Divided Senate panel OKs guns for Statehouse staffers

Indiana General Assembly staff members would be allowed to carry handguns inside the state Capitol under a bill recommended for passage on a party-line vote Wednesday by the Senate Judiciary Committee.

Republican members favored the bill in a 6-3 vote after two Democratic senators expressed concerns about the legislation given the disparate treatment of African-Americans who carry guns.

Sen. Jim Tomes, R-Wadesville, sponsored the bill and said legislative assistants and other General Assembly staff members sometimes are in the Statehouse late at night and should have the same rights as lawmakers to carry guns under the Capitol Rotunda. He said staffers don’t have the luxury of parking next to the Statehouse as lawmakers do, and they may face dangers walking to dark downtown parking garages at night.

“We’re living in a violent world, and it’s unfortunate we have to think upon these terms today, but as you watch the local news, you see how violent the world is,” Tomes testified in support of Senate Bill 259. “It’s necessary now for people to have an opportunity to protect themselves.”

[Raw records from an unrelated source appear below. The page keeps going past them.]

(* For squarefree D > 1, D mod 4 is 1, 2 or 3. *)
Definition omega (D : Z) : R :=
  if Z.eqb (Z.modulo D 4) 1 then (1 + sqrt (IZR D)) / 2 else sqrt (IZR D).

Definition omega' (D : Z) : R :=
  if Z.eqb (Z.modulo D 4) 1 then (1 - sqrt (IZR D)) / 2 else - sqrt (IZR D).

Definition discK (D : Z) : Z :=
  if Z.eqb (Z.modulo D 4) 1 then D else (4 * D)%Z.

Fixpoint cq (D : Z) (i : nat) : R :=
  match i with
  | O => omega D
  | S k => / (cq D k - IZR (Int_part (cq D k)))
  end.

Definition pq (D : Z) (i : nat) : Z := Int_part (cq D i).

(* (p_{i-1}, p_i) with p_{-1} = 1, p_0 = u_0 *)
Fixpoint pp (D : Z) (i : nat) : Z * Z :=
  match i with
  | O => (1%Z, pq D 0)
  | S k => let (a, b) := pp D k in (b, (pq D (S k) * b + a)%Z)
  end.

(* (q_{i-1}, q_i) with q_{-1} = 0, q_0 = 1 *)
Fixpoint qq (D : Z) (i : nat) : Z * Z :=
  match i with
  | O => (0%Z, 1%Z)
  | S k => let (a, b) := qq D k in (b, (pq D (S k) * b + a)%Z)
  end.

Definition p_ (D : Z) (i : nat) : Z := snd (pp D i).
Definition q_ (D : Z) (i : nat) : Z := snd (qq D i).

Definition alpha (D : Z) (i : nat) : R := IZR (p_ D i) - IZR (q_ D i) * omega' D.
Definition alpha_conj (D : Z) (i : nat) : R := IZR (p_ D i) - IZR (q_ D i) * omega D.

Definition Nrm (D : Z) (i : nat) : R := Rabs (alpha D i * alpha_conj D i).

From Stdlib Require Import Reals ZArith Lra Lia Psatz.
Open Scope R_scope.

(* Put [Q_i = q_i c_{i+1} + q_{i-1}].  Since [omega_D = (p_i c_{i+1} + p_{i-1}) / Q_i],
   the conjugate [alpha_i' = p_i - q_i omega_D] equals [e_i / Q_i] with
   [e_i = p_i q_{i-1} - q_i p_{i-1} = (-1)^(i+1)], while [alpha_i - alpha_i' = q_i sqrt Delta];
   hence [N_i Q_i^2 = q_i sqrt Delta Q_i + e_i] exactly.  Against this value both bounds
   reduce to inequalities in which only the sign [e_i] is delicate, and they hold because
   [q_{i-1} >= 1] for [i >= 1], [q_{i-2} >= 1] for [i >= 2], [e_1 = 1] and [omega_D < sqrt Delta].
   The bounds on [N_i / sqrt Delta] follow from [u_{i+1} < c_{i+1} < u_{i+1} + 1].
   Irrationality of [omega_D] keeps every [c_i] finite and [> 1]. *)

Definition irrational (x : R) : Prop :=
  forall p q : Z, q <> 0%Z -> x * IZR q <> IZR p.

Lemma square_of_square_ratio (D p q : Z) :
  q <> 0%Z -> (D * (q * q) = p * p)%Z -> exists k, D = (k * k)%Z.
Proof.
  intros Hq E.
  set (g := Z.gcd p q).
  assert (Hg : (0 < g)%Z).
  { assert (g <> 0%Z) by (intro H; apply Hq; exact (Z.gcd_eq_0_r _ _ H)).
    pose proof (Z.gcd_nonneg p q); lia. }
  destruct (Z.gcd_divide_l p q) as [p' Hp], (Z.gcd_divide_r p q) as [q' Hq'].
  fold g in Hp, Hq'.
  assert (Hcop : Z.gcd p' q' = 1%Z).
  { pose proof (Z.gcd_mul_mono_r p' q' g) as Hm.
    rewrite <- Hp, <- Hq', Z.abs_eq in Hm by lia. fold g in Hm. nia. }
  assert (E' : (D * (q' * q') = p' * p')%Z).
  { apply (Z.mul_reg_r _ _ (g * g)); [nia|]. rewrite Hp, Hq' in E. lia. }
  assert (Hdiv : (q' | p')%Z).
  { apply (Z.gauss _ p'); [exists (D * q')%Z; lia | now rewrite Z.gcd_comm]. }
  assert (Hunit : (q' | 1)%Z).
  { rewrite <- Hcop. apply Z.gcd_greatest; [exact Hdiv | apply Z.divide_refl]. }
  exists p'. destruct (Z.divide_1_r _ Hunit) as [-> | ->]; lia.
Qed.

Lemma squarefree_neq_square (D k : Z) : (1 < D)%Z -> squarefree D -> D <> (k * k)%Z.
Proof.
  intros HD Hsq ->. apply (Hsq (Z.abs k)); [nia|].
  rewrite <- Z.abs_mul, Z.abs_eq by nia. apply Z.divide_refl.
Qed.

Lemma sqrt_IZR_irrational (D : Z) :
  (0 <= D)%Z -> (forall k, D <> (k * k)%Z) -> irrational (sqrt (IZR D)).
Proof.
  intros HD Hns p q Hq E.
  destruct (square_of_square_ratio D p q Hq) as [k Hk]; [|exact (Hns k Hk)].
  apply eq_IZR. rewrite !mult_IZR, <- E.
  pose proof (sqrt_sqrt (IZR D) (IZR_le 0 D HD)). nra.
Qed.

Lemma omega_irrational (D : Z) :
  (0 <= D)%Z -> (forall k, D <> (k * k)%Z) -> irrational (omega D).
Proof.
  intros HD Hns p q Hq E. pose proof (sqrt_IZR_irrational D HD Hns) as Hirr.
  unfold omega in E. destruct (D mod 4 =? 1)%Z.
  - apply (Hirr (2 * p - q)%Z q Hq). rewrite minus_IZR, mult_IZR. lra.
  - exact (Hirr p q Hq E).
Qed.

Lemma irrational_inv_sub_IZR (x : R) (n : Z) : irrational x -> irrational (/ (x - IZR n)).
Proof.
  intros Hirr p q Hq E.
  assert (Hx : x - IZR n <> 0) by (intro H; apply (Hirr n 1%Z); [lia | lra]).
  destruct (Z.eq_dec p 0) as [-> | Hp].
  - apply Hq, eq_IZR. apply (Rmult_eq_reg_l (/ (x - IZR n))).
    + rewrite E. ring.
    + now apply Rinv_neq_0_compat.
  - apply (Hirr (q + n * p)%Z p Hp). rewrite plus_IZR, mult_IZR, <- E.
    field. exact Hx.
Qed.

Lemma one_lt_sqrt_IZR (D : Z) : (1 < D)%Z -> 1 < sqrt (IZR D).
Proof.
  intros HD. rewrite <- sqrt_1. apply sqrt_lt_1_alt. split; [lra | now apply IZR_lt].
Qed.

Lemma sqrt_discK (D : Z) : (0 <= D)%Z -> sqrt (IZR (discK D)) = omega D - omega' D.
Proof.
  intros HD. unfold discK, omega, omega'. destruct (D mod 4 =? 1)%Z; [lra|].
  rewrite mult_IZR, sqrt_mult by (apply IZR_le; lia).
  replace (IZR 4) with (2 * 2) by (simpl; ring). rewrite sqrt_square; lra.
Qed.

Lemma one_lt_omega (D : Z) : (1 < D)%Z -> 1 < omega D.
Proof.
  intros HD. pose proof (one_lt_sqrt_IZR D HD).
  unfold omega. destruct (D mod 4 =? 1)%Z; lra.
Qed.

Lemma omega'_neg (D : Z) : (1 < D)%Z -> omega' D < 0.
Proof.
  intros HD. pose proof (one_lt_sqrt_IZR D HD).
  unfold omega'. destruct (D mod 4 =? 1)%Z; lra.
Qed.

Definition p_prev (D : Z) (i : nat) : Z := fst (pp D i).
Definition q_prev (D : Z) (i : nat) : Z := fst (qq D i).

Definition cf_det (D : Z) (i : nat) : Z := (p_ D i * q_prev D i - q_ D i * p_prev D i)%Z.

(* [Q_i = c_1 c_2 ... c_{i+1}] *)
Definition cf_denom (D : Z) (i : nat) : R := IZR (q_ D i) * cq D (S i) + IZR (q_prev D i).

Lemma p_S (D : Z) (i : nat) : p_ D (S i) = (pq D (S i) * p_ D i + p_prev D i)%Z.
Proof. unfold p_, p_prev. simpl. now destruct (pp D i). Qed.

Lemma p_prev_S (D : Z) (i : nat) : p_prev D (S i) = p_ D i.
Proof. unfold p_, p_prev. simpl. now destruct (pp D i). Qed.

Lemma q_S (D : Z) (i : nat) : q_ D (S i) = (pq D (S i) * q_ D i + q_prev D i)%Z.
Proof. unfold q_, q_prev. simpl. now destruct (qq D i). Qed.

Lemma q_prev_S (D : Z) (i : nat) : q_prev D (S i) = q_ D i.
Proof. unfold q_, q_prev. simpl. now destruct (qq D i). Qed.

Lemma cf_det_0 (D : Z) : cf_det D 0 = (-1)%Z.
Proof. unfold cf_det, p_, q_, p_prev, q_prev. simpl. ring. Qed.

Lemma cf_det_S (D : Z) (i : nat) : cf_det D (S i) = (- cf_det D i)%Z.
Proof. unfold cf_det. rewrite p_S, p_prev_S, q_S, q_prev_S. ring. Qed.

Lemma cf_det_unit (D : Z) (i : nat) : cf_det D i = 1%Z \/ cf_det D i = (-1)%Z.
Proof. induction i; [right; apply cf_det_0 | rewrite cf_det_S; lia]. Qed.

Lemma norm_identity_upper (sD c q q' Q N e : R) :
  0 < c -> 0 < Q -> q * c + q' = Q -> N * Q ^ 2 = q * sD * Q + e ->
  e * c < sD * Q * q' -> N < sD / c.
Proof.
  intros Hc HQ HQdef HN Hcond.
  apply Rlt_0_minus.
  replace (sD / c - N) with ((sD * Q * q' - e * c) / (c * Q ^ 2)).
  - apply Rdiv_lt_0_compat; [lra | apply Rmult_lt_0_compat; [lra | now apply pow_lt]].
  - replace N with ((q * sD * Q + e) / Q ^ 2) by (rewrite <- HN; field; lra).
    replace q' with (Q - q * c) by lra. field. lra.
Qed.

Lemma norm_identity_lower (sD c c' q q' q'' Q Qp N e : R) :
  0 < c -> 0 < c' -> 0 < Qp -> Q = c * Qp -> q * c + q' = Q -> q' * c' + q'' = Qp ->
  N * Q ^ 2 = q * sD * Q + e -> 0 < sD * Q * q'' + e * c' * c ->
  sD / c * (1 - 1 / (c' * c)) < N.
Proof.
  intros Hc Hc' HQp HQ HQdef HQpdef HN Hcond.
  assert (HQpos : 0 < Q) by (subst Q; nra).
  apply Rlt_0_minus.
  replace (N - sD / c * (1 - 1 / (c' * c))) with
    ((sD * Q * q'' + e * c' * c) / (c' * c * Q ^ 2)).
  - apply Rdiv_lt_0_compat; [lra | apply Rmult_lt_0_compat; [nra | now apply pow_lt]].
  - replace N with ((q * sD * Q + e) / Q ^ 2) by (rewrite <- HN; field; lra).
    replace q'' with (Qp - q' * c') by lra.
    replace q' with (Q - q * c) by lra. subst Q. field. lra.
Qed.

Lemma div_lt_inv_of_lt_div (sD c u N : R) :
  0 < sD -> 0 < u < c -> N < sD / c -> N / sD < 1 / u.
Proof.
  intros Hs Hu HN.
  apply Rlt_0_minus. apply Rlt_0_minus in HN.
  replace (1 / u - N / sD) with ((sD / c - N) / sD + (c - u) / (u * c)) by (field; lra).
  apply Rplus_lt_0_compat; apply Rdiv_lt_0_compat; nra.
Qed.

Sen. Greg Taylor, D-Indianapolis, challenged Tomes to identify the number of attacks on legislators or staff at the Capitol since he became a member of the Legislature. Tomes said he wasn’t aware of any, but he said crime was expected to rise in Indianapolis. “In this area, there is trouble out and about,” he said.

“As someone from a minority persuasion,” Taylor said, “if I walk in this building with a gun, I still get stopped by security, senator, it is the day and time we live in.” He said the legislation “is a scary proposition for me.”

“I know what carrying a firearm can lead to, even by a law-abiding citizen,” he said.

Committee Chairman Sen. Brent Steele, R-Bedford, a co-author of the bill, said that as a senator, Taylor wouldn’t go through metal detectors at the Statehouse as the public does, and he wouldn’t be subjected to a search.

But Taylor said that wasn’t his point. “If I said I had a firearm when the police stop me, it will be a totally different situation,” he said. “I’m the spitting image of, it does happen.”

Taylor also asked whether other statehouse denizens such as lawyers and lobbyists should be permitted to carry weapons in the Capitol. “It would be nice,” Tomes said. “Where’s the limit? I don’t know.”

Sen. Lonnie Randolph, D-East Chicago, also was troubled by the bill. He said a general ban on statehouse staffers carrying firearms was adopted in the 1990s after a rash of shootings in government offices nationwide.

“There were discussions about security at the Statehouse here,” Randolph said. “Sometimes people get heated, they get mad, and an irrational person might reach for a sidearm.”

Randolph also said given police shootings of law-abiding black citizens who were carrying guns in Chicago and elsewhere around the country, he couldn’t support the bill in the current climate.

Sen. John Broden, D-South Bend, also voted against the bill.

Tomes also is the author of another gun-related bill, SB 36, that would remove alcohol abusers from the list of those not considered proper people to receive a permit to carry a handgun.

The bill had been scheduled to be heard by the committee Wednesday after it was continued following a contentious hearing last week, but it was withdrawn from the panel’s agenda. The proposal has not been rescheduled for a committee vote.